Clearly, hooks shares a critical view of Western feminism and its habit of utilizing imperial standing to ignore the true landscape of feminist struggles globally. She paints a thorough picture of the effect that social context and varying identities can have on the demands of feminist activism and its cause. As feminism has progressed throughout the decades, the divisions in feminist thought have derived from the intersections of class, race, and other things such as nationality. The feminist scholars who have written careful analyses of the different intersections and how they ultimately affect the feminist movements are the feminist thinkers who have illuminated feminism in a way that will actually make it possible for a global feminist unity to occur. They bridge the gap from group to group, making pathways through which we can communicate and understand the separate manifestations of feminist thought and action to ultimately support and assist each other.

Within dark times the work of academia can seem almost futile. It becomes almost a habit to separate, not to reach out, to further divide and fold within oneself, like an armadillo in need of protection. Many radical movements and the radical work of fighting identity-based systemic oppression are seen as divisive efforts that deflect from the the greater good and the ultimate goal but the work of scholars like Hassim stands against against these ideas — these habits of dark times. Despite writing specifically about South African nationality and its relation to its feminist movements, her work also illuminates the ways in which other nationalist movements manifest outside of an imperial core. Hassim illuminates for her readers, her students, and other feminist scholars the intersectional nature of every feminist movement and the need for communication and understanding among them — creating a bridge between the feminist thinkers around the globe in their struggle for liberation.
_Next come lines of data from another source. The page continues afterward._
(* Let $\mathcal{F}$ be an RKHS on $\mathcal{X}$ with kernel $k$ and feature map $\phi(x)=k(x,\cdot)$, and $\mathcal{U}$ an RKHS on $\mathcal{W}=\mathcal{Y}\times\mathcal{Z}$ with kernel $l$ and feature map $\varphi(w)=l(w,\cdot)$. Given an i.i.d. sample $(x_i,y_i,z_i)_{i=1}^n$ from $\mathbb{P}(X,Y,Z)$, set $w_i=(y_i,z_i)$, $\mathbf{y}=(y_1,\dots,y_n)^\top$, $\widehat{\mathcal{C}}_{XW}=\frac1n\sum_i\phi(x_i)\otimes\varphi(w_i)$, $\widehat{\mathcal{C}}_{WX}$ its adjoint, $\widehat{\mathcal{C}}_W=\frac1n\sum_i\varphi(w_i)\otimes\varphi(w_i)$, $\hat{\mathbf{b}}=\frac1n\sum_i y_i\varphi(w_i)$, and for $\lambda_1,\lambda_2>0$ let $$\hat f:=\big(\widehat{\mathcal{C}}_{XW}(\widehat{\mathcal{C}}_W+\lambda_1\mathcal{I})^{-1}\widehat{\mathcal{C}}_{WX}+\lambda_2\mathcal{I}\big)^{-1}\widehat{\mathcal{C}}_{XW}(\widehat{\mathcal{C}}_W+\lambda_1\mathcal{I})^{-1}\hat{\mathbf{b}}.$$ Let $\mathbf{K}_{ij}=k(x_i,x_j)$ and $\mathbf{L}_{ij}=l(w_i,w_j)$ be the Gram matrices and $\mathbf{M}:=\mathbf{K}(\mathbf{L}+n\lambda_1 I)^{-1}\mathbf{L}$, and assume $\mathbf{M}\mathbf{K}+n\lambda_2\mathbf{K}$ is invertible. Then $\hat f=\sum_{i=1}^n\beta_i k(x_i,\cdot)$ with $\boldsymbol\beta=(\mathbf{M}\mathbf{K}+n\lambda_2\mathbf{K})^{-1}\mathbf{M}\mathbf{y}$.
   Context: $\mathcal{I}$ denotes the identity operator; $(a\otimes b)u=\langle b,u\rangle a$. *)

From HB Require Import structures.
From mathcomp Require Import all_boot all_order all_algebra.
From mathcomp Require Import boolp classical_sets reals.
Set Implicit Arguments. Unset Strict Implicit. Unset Printing Implicit Defensive.
Import Order.TTheory GRing.Theory Num.Theory.
Local Open Scope ring_scope.

(* A real reproducing kernel Hilbert space on a set X: a real inner-product
   space V, complete for the inner-product norm, whose elements are functions
   on X (via the injective evaluation ev), with feature map feat x = k(x,.)
   satisfying the reproducing property ev f x = <f, feat x>. *)
Record RKHS (R : realType) (X : Type) := {
  rk_space :> lmodType R;
  ip : rk_space -> rk_space -> R;
  ipC : forall u v, ip u v = ip v u;
  ipDl : forall a u v w, ip (a *: u + v) w = a * ip u w + ip v w;
  ip_ge0 : forall u, 0 <= ip u u;
  ip_eq0 : forall u, ip u u = 0 -> u = 0;
  ip_complete : forall u : nat -> rk_space,
      (forall e : R, 0 < e -> exists N, forall m p, (N <= m)%N -> (N <= p)%N ->
          ip (u m - u p) (u m - u p) < e) ->
      exists v, forall e : R, 0 < e -> exists N, forall m, (N <= m)%N ->
          ip (u m - v) (u m - v) < e;
  ev : rk_space -> X -> R;
  ev_inj : injective ev;
  feat : X -> rk_space;
  reproducing : forall f x, ev f x = ip f (feat x)
}.

Definition kern (R : realType) (X : Type) (H : RKHS R X) (x x' : X) : R :=
  ip (feat H x) (feat H x').

Definition tens (R : realType) (X1 X2 : Type) (H1 : RKHS R X1) (H2 : RKHS R X2)
  (a : H1) (b : H2) : H2 -> H1 := fun u => ip b u *: a.

(* inverse of an operator A applied to v: the (unique, when A is bijective)
   u with A u = v *)
Definition opinv (R : realType) (V : lmodType R) (A : V -> V) (v : V) : V :=
  xget 0 [set u | A u = v].

(* The operators inverted in the definition of fhat, C_W + lam1 I and
   C_XW R_W C_WX + lam2 I, are monotone plus a positive multiple of the
   identity, hence injective, so opinv returns their unique preimages.  For the
   second one, monotonicity holds because C_XW is the adjoint of C_WX and R_W
   inverts the monotone C_W + lam1 I on the range of C_WX.  On the span of the
   sampled features all these operators act on coefficient vectors through the
   Gram matrices: C_W + lam1 I becomes n^-1 (L + n lam1 I), which is therefore
   invertible, and checking that sum_i beta_i k(x_i, .) solves the equation
   defining fhat reduces to the normal equation (M K + n lam2 K) beta = M y. *)
From HB Require Import structures.
From mathcomp Require Import all_boot all_order all_algebra.
From mathcomp Require Import boolp classical_sets reals.
Import Order.TTheory GRing.Theory Num.Theory.
Set Implicit Arguments. Unset Strict Implicit. Unset Printing Implicit Defensive.
Local Open Scope ring_scope.

Section InnerProduct.
Variables (R : realType) (T : Type) (H : RKHS R T).

Lemma ip_addl (u v w : H) : ip (u + v) w = ip u w + ip v w.
Proof. by have := ipDl 1 u v w; rewrite scale1r mul1r. Qed.

Lemma ip0l (w : H) : ip 0 w = 0.
Proof. by apply: (addrI (ip 0 w)); rewrite -ip_addl !addr0. Qed.

Lemma ipZl a (u w : H) : ip (a *: u) w = a * ip u w.
Proof. by have := ipDl a u 0 w; rewrite addr0 ip0l addr0. Qed.

Lemma ipBl (u v w : H) : ip (u - v) w = ip u w - ip v w.
Proof. by rewrite ip_addl -scaleN1r ipZl mulN1r. Qed.

Lemma ipZr a (u w : H) : ip w (a *: u) = a * ip w u.
Proof. by rewrite ipC ipZl ipC. Qed.

Lemma ip_suml (I : Type) (r : seq I) (P : pred I) (f : I -> H) w :
  ip (\sum_(i <- r | P i) f i) w = \sum_(i <- r | P i) ip (f i) w.
Proof. by elim/big_rec2: _ => [|i a b _ <-]; rewrite ?ip0l ?ip_addl. Qed.

Lemma ip_sumr (I : Type) (r : seq I) (P : pred I) (f : I -> H) w :
  ip w (\sum_(i <- r | P i) f i) = \sum_(i <- r | P i) ip w (f i).
Proof. by rewrite ipC ip_suml; apply: eq_bigr => i _; rewrite ipC. Qed.

Lemma ip_le0_eq0 (u : H) : ip u u <= 0 -> u = 0.
Proof. by move=> le0; apply: ip_eq0; apply/eqP; rewrite eq_le le0 ip_ge0. Qed.

Definition ip_monotone (P : H -> H) := forall u v, 0 <= ip (P u - P v) (u - v).

Lemma shift_monotone P lam :
  ip_monotone P -> 0 <= lam -> ip_monotone (fun u => P u + lam *: u).
Proof.
move=> monP lam_ge0 u v; rewrite opprD addrACA -scalerBr ip_addl ipZl.
by rewrite addr_ge0 ?mulr_ge0 ?ip_ge0.
Qed.

Lemma shift_monotone_inj P lam :
  ip_monotone P -> 0 < lam -> injective (fun u => P u + lam *: u).
Proof.
move=> monP lam_gt0 u v /eqP; rewrite -subr_eq0 opprD addrACA -scalerBr addr_eq0.
move=> /eqP PuvE; apply/eqP; rewrite -subr_eq0; apply/eqP/ip_le0_eq0.
by have := monP u v; rewrite PuvE -scaleNr ipZl mulNr oppr_ge0 pmulr_rle0.
Qed.

End InnerProduct.

Section LinearCombinations.
Variables (R : realType) (n : nat).

Definition lin_comb (V : lmodType R) (c : 'cV[R]_n) (e : 'I_n -> V) : V :=
  \sum_i c i 0 *: e i.

Lemma lin_combD (V : lmodType R) (c d : 'cV[R]_n) (e : 'I_n -> V) :
  lin_comb (c + d) e = lin_comb c e + lin_comb d e.
Proof. by rewrite /lin_comb -big_split; apply: eq_bigr => i _; rewrite mxE scalerDl. Qed.

Lemma lin_combZ (V : lmodType R) a (c : 'cV[R]_n) (e : 'I_n -> V) :
  lin_comb (a *: c) e = a *: lin_comb c e.
Proof. by rewrite /lin_comb scaler_sumr; apply: eq_bigr => i _; rewrite mxE scalerA. Qed.

Lemma lin_comb0 (V : lmodType R) (e : 'I_n -> V) : lin_comb 0 e = 0.
Proof. by rewrite /lin_comb big1 // => i _; rewrite mxE scale0r. Qed.

End LinearCombinations.

Definition sampled_op (R : realType) (T1 T2 : Type) (H1 : RKHS R T1) (H2 : RKHS R T2)
  n (a : 'I_n -> H1) (b : 'I_n -> H2) (u : H2) : H1 :=
  n%:R^-1 *: \sum_i tens (a i) (b i) u.

Section SampledOperators.
Variables (R : realType) (T1 T2 : Type) (H1 : RKHS R T1) (H2 : RKHS R T2) (n : nat).

Definition gram (a b : 'I_n -> H2) : 'M[R]_n := \matrix_(i, j) ip (a i) (b j).

Lemma gram_mulmx (a b : 'I_n -> H2) c : gram a b *m c = \col_i ip (a i) (lin_comb c b).
Proof.
apply/matrixP => i j; rewrite !mxE (ord1 j) ip_sumr.
by apply: eq_bigr => k _; rewrite ipZr !mxE mulrC.
Qed.

Lemma sampled_opB (a : 'I_n -> H1) (b : 'I_n -> H2) :
  {morph sampled_op a b : u v / u - v}.
Proof.
move=> u v; rewrite /sampled_op -scalerBr -sumrB; congr (_ *: _).
by apply: eq_bigr => i _; rewrite /tens ipC ipBl scalerBl !(ipC _ (b i)).
Qed.

Lemma sampled_op0 (a : 'I_n -> H1) (b : 'I_n -> H2) : sampled_op a b 0 = 0.
Proof. by rewrite -(subrr (0 : H2)) sampled_opB subrr. Qed.

Lemma sampled_op_adj (a : 'I_n -> H1) (b : 'I_n -> H2) u h :
  ip (sampled_op a b u) h = ip u (sampled_op b a h).
Proof.
rewrite /sampled_op ipZl ipZr ip_suml ip_sumr; congr (_ * _).
by apply: eq_bigr => i _; rewrite /tens ipZl ipZr mulrC (ipC u).
Qed.

Lemma sampled_op_col (a : 'I_n -> H1) (b : 'I_n -> H2) u :
  sampled_op a b u = lin_comb (n%:R^-1 *: \col_i ip (b i) u) a.
Proof.
rewrite lin_combZ /sampled_op /lin_comb.
by congr (_ *: _); apply: eq_bigr => i _; rewrite mxE.
Qed.

Lemma sampled_op_lin_comb (a : 'I_n -> H1) (b e : 'I_n -> H2) c :
  sampled_op a b (lin_comb c e) = lin_comb (n%:R^-1 *: (gram b e *m c)) a.
Proof. by rewrite sampled_op_col gram_mulmx. Qed.

Lemma monotone_adjoint_conj (B : H1 -> H2) (B' : H2 -> H1) (P Q : H2 -> H2) :
  {morph B : f g / f - g} -> {morph B' : u v / u - v} ->
  (forall u f, ip (B' u) f = ip u (B f)) ->
  ip_monotone P -> (forall f, P (Q (B f)) = B f) ->
  ip_monotone (fun f => B' (Q (B f))).
Proof.
move=> BB B'B adjB monP QB f g.
by rewrite -B'B adjB BB -{2}QB -{2}(QB g) ipC; apply: monP.
Qed.

End SampledOperators.

Lemma sampled_op_monotone (R : realType) (T : Type) (H : RKHS R T) n (e : 'I_n -> H) :
  ip_monotone (sampled_op e e).
Proof.
move=> u v; rewrite -sampled_opB /sampled_op ipZl ip_suml.
rewrite mulr_ge0 ?invr_ge0 ?ler0n ?sumr_ge0 // => i _.
by rewrite /tens ipZl ipC sqr_ge0.
Qed.

Lemma opinv_eq (R : realType) (V : lmodType R) (A : V -> V) u v :
  A u = v -> injective A -> opinv A v = u.
Proof. by move=> Auv A_inj; apply: xget_unique => // u' /=; rewrite -Auv => /A_inj. Qed.

Lemma unitmx_ker0 (F : fieldType) n (A : 'M[F]_n) :
  (forall c : 'cV_n, A *m c = 0 -> c = 0) -> A \in unitmx.
Proof.
move=> ker0; rewrite -unitmx_tr unitmxE unitfE; apply/negP => /det0P[v nz_v vA0].
have /ker0/(congr1 trmx) : A *m v^T = 0.
  by move: (congr1 trmx vA0); rewrite trmx_mul trmxK trmx0.
by rewrite trmxK trmx0 => v0; rewrite v0 eqxx in nz_v.
Qed.

Section Regularized.
Variables (R : realType) (T : Type) (H : RKHS R T) (n : nat) (e : 'I_n -> H) (lam : R).
Hypotheses (n_gt0 : (0 < n)%N) (lam_gt0 : 0 < lam).

Definition regularized_cov (u : H) : H := sampled_op e e u + lam *: u.

Let reg_gram := gram e e + (n%:R * lam)%:M.

Lemma regularized_cov_monotone : ip_monotone regularized_cov.
Proof. exact: shift_monotone (sampled_op_monotone e) (ltW lam_gt0). Qed.

Lemma regularized_cov_inj : injective regularized_cov.
Proof. exact: shift_monotone_inj (sampled_op_monotone e) lam_gt0. Qed.

Lemma regularized_cov_lin_comb c :
  regularized_cov (lin_comb c e) = lin_comb (n%:R^-1 *: (reg_gram *m c)) e.
Proof.
have n_neq0 : n%:R != 0 :> R by rewrite pnatr_eq0 -lt0n.
rewrite /regularized_cov sampled_op_lin_comb -lin_combZ -lin_combD; congr lin_comb.
by rewrite mulmxDl mul_scalar_mx scalerDr scalerA mulrA mulVf // mul1r.
Qed.

Lemma regularized_gram_unit : reg_gram \in unitmx.
Proof.
apply: unitmx_ker0 => c regc0.
have comb_c0 : lin_comb c e = 0.
  apply: regularized_cov_inj.
  by rewrite regularized_cov_lin_comb regc0 scaler0 lin_comb0 /regularized_cov
    sampled_op0 scaler0 addr0.
move: regc0; rewrite mulmxDl gram_mulmx comb_c0 mul_scalar_mx.
have -> : \col_i ip (e i) 0 = 0 :> 'cV_n.
  by apply/matrixP => i j; rewrite !mxE ipC ip0l.
rewrite add0r => /eqP; rewrite scaler_eq0 mulf_eq0 pnatr_eq0 eqn0Ngt n_gt0 /=.
by rewrite gt_eqF //= => /eqP.
Qed.

Lemma opinv_regularized_cov q :
  opinv regularized_cov (lin_comb (n%:R^-1 *: q) e) = lin_comb (invmx reg_gram *m q) e.
Proof.
apply: opinv_eq regularized_cov_inj.
by rewrite regularized_cov_lin_comb mulKVmx // regularized_gram_unit.
Qed.

Lemma regularized_cov_opinvK q :
  regularized_cov (opinv regularized_cov (lin_comb (n%:R^-1 *: q) e)) =
  lin_comb (n%:R^-1 *: q) e.
Proof.
rewrite opinv_regularized_cov regularized_cov_lin_comb mulKVmx //.
exact: regularized_gram_unit.
Qed.

End Regularized.

Lemma invmx_comm (R : comUnitRingType) n (A B : 'M[R]_n) :
  A *m B = B *m A -> invmx A *m B = B *m invmx A.
Proof.
move=> AB; have [uA | nuA] := boolP (A \in unitmx); last by rewrite invmx_out.
by rewrite -{1}(mulmxK uA B) -AB !mulmxA mulVmx ?mul1mx.
Qed.

Lemma two_stage_coef_eq (R : comUnitRingType) n (K L : 'M[R]_n) (a c : R) (y : 'cV_n) :
  let P := invmx (L + a%:M) in
  let M := K *m P *m L in
  (M *m K + c *: K) \in unitmx ->
  let beta := invmx (M *m K + c *: K) *m M *m y in
  L *m (P *m (K *m beta)) + c *: beta = L *m (P *m y).
Proof.
move=> P M unitB beta.
have PL : P *m L = L *m P.
  by apply: invmx_comm; rewrite mulmxDl mulmxDr scalar_mxC.
have unitK : K \in unitmx.
  by move: unitB; rewrite -mul_scalar_mx -mulmxDl unitmx_mul => /andP[].
have Bbeta : (M *m K + c *: K) *m beta = M *m y.
  by rewrite /beta !mulmxA mulmxV // mul1mx.
clearbody beta; apply: (can_inj (mulKmx unitK)).
rewrite mulmxDr -scalemxAr !(mulmxA L) -PL !mulmxA -/M -Bbeta.
by rewrite mulmxDl scalemxAl.
Qed.

Unset Implicit Arguments.
Theorem proposition2 (R : realType) (X Z : Type)
  (F : RKHS R X) (U : RKHS R (R * Z))
  (n : nat) (hn : (0 < n)%N)
  (x : 'I_n -> X) (y : 'I_n -> R) (z : 'I_n -> Z)
  (lam1 lam2 : R) (hl1 : 0 < lam1) (hl2 : 0 < lam2) :
  let w : 'I_n -> R * Z := fun i => (y i, z i) in
  let phi := feat F in
  let vphi := feat U in
  let CXW : U -> F := fun u => n%:R^-1 *: \sum_(i < n) tens (phi (x i)) (vphi (w i)) u in
  let CWX : F -> U := fun f => n%:R^-1 *: \sum_(i < n) tens (vphi (w i)) (phi (x i)) f in
  let CW : U -> U := fun u => n%:R^-1 *: \sum_(i < n) tens (vphi (w i)) (vphi (w i)) u in
  let bhat : U := n%:R^-1 *: \sum_(i < n) (y i *: vphi (w i)) in
  let RW : U -> U := opinv (fun u => CW u + lam1 *: u) in
  let fhat : F :=
    opinv (fun f => CXW (RW (CWX f)) + lam2 *: f) (CXW (RW bhat)) in
  let K : 'M[R]_n := \matrix_(i, j) kern F (x i) (x j) in
  let L : 'M[R]_n := \matrix_(i, j) kern U (w i) (w j) in
  let M : 'M[R]_n := K *m invmx (L + (n%:R * lam1)%:M) *m L in
  let ycol : 'cV[R]_n := \col_i y i in
  (M *m K + (n%:R * lam2) *: K) \in unitmx ->
  let beta : 'cV[R]_n := invmx (M *m K + (n%:R * lam2) *: K) *m M *m ycol in
  fhat = \sum_(i < n) beta i 0 *: phi (x i).
Proof.
move=> w phi vphi CXW CWX CW bhat RW fhat K L M ycol unitB beta.
pose e i := vphi (w i); pose ph i := phi (x i).
have CXWE : CXW =1 sampled_op ph e by [].
have CWXE : CWX =1 sampled_op e ph by [].
have RWE : RW = opinv (regularized_cov e lam1) by [].
have bhatE : bhat = lin_comb (n%:R^-1 *: ycol) e.
  by rewrite lin_combZ; congr (_ *: _); apply: eq_bigr => i _; rewrite mxE.
have S_inj : injective (fun f => CXW (RW (CWX f)) + lam2 *: f).
  apply: shift_monotone_inj hl2.
  apply: (monotone_adjoint_conj (Q := RW) _ _ _ (regularized_cov_monotone e hl1))
    => [f g|u v|u f|f].
  - exact: sampled_opB.
  - exact: sampled_opB.
  - exact: sampled_op_adj.
  - by rewrite RWE CWXE sampled_op_col regularized_cov_opinvK.
apply: opinv_eq S_inj.
rewrite RWE bhatE !CWXE !CXWE sampled_op_lin_comb opinv_regularized_cov //.
rewrite opinv_regularized_cov // !sampled_op_lin_comb -lin_combZ -lin_combD.
congr lin_comb; have n_neq0 : n%:R != 0 :> R by rewrite pnatr_eq0 -lt0n.
have [-> ->] : gram ph ph = K /\ gram e e = L by [].
by rewrite -(two_stage_coef_eq ycol unitB) scalerDr scalerA mulrA mulVf // mul1r.
Qed.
When considering Hannah Arendt’s concept of the public and the private, it is clear that Hassim illuminates the public sphere by creating these bridges and opening up space for more women’s liberation movements in need of unity and support, a global illumination. She takes feminism away from the individual by highlighting that it is not just the experiences of one single woman but is instead the experiences of women from many different contexts, in all their specific differences, that furthers the development of feminist thought. Hers is an analysis that can be utilized or referenced when attempting to understand other feminist movements and the extraordinary variance between them and most importantly, why they have developed as they have. As a feminist scholar and educator, Shireen Hassim’s work provides light in a time of darkness by opening up pathways for unity and understanding, for critical analysis and human compassion.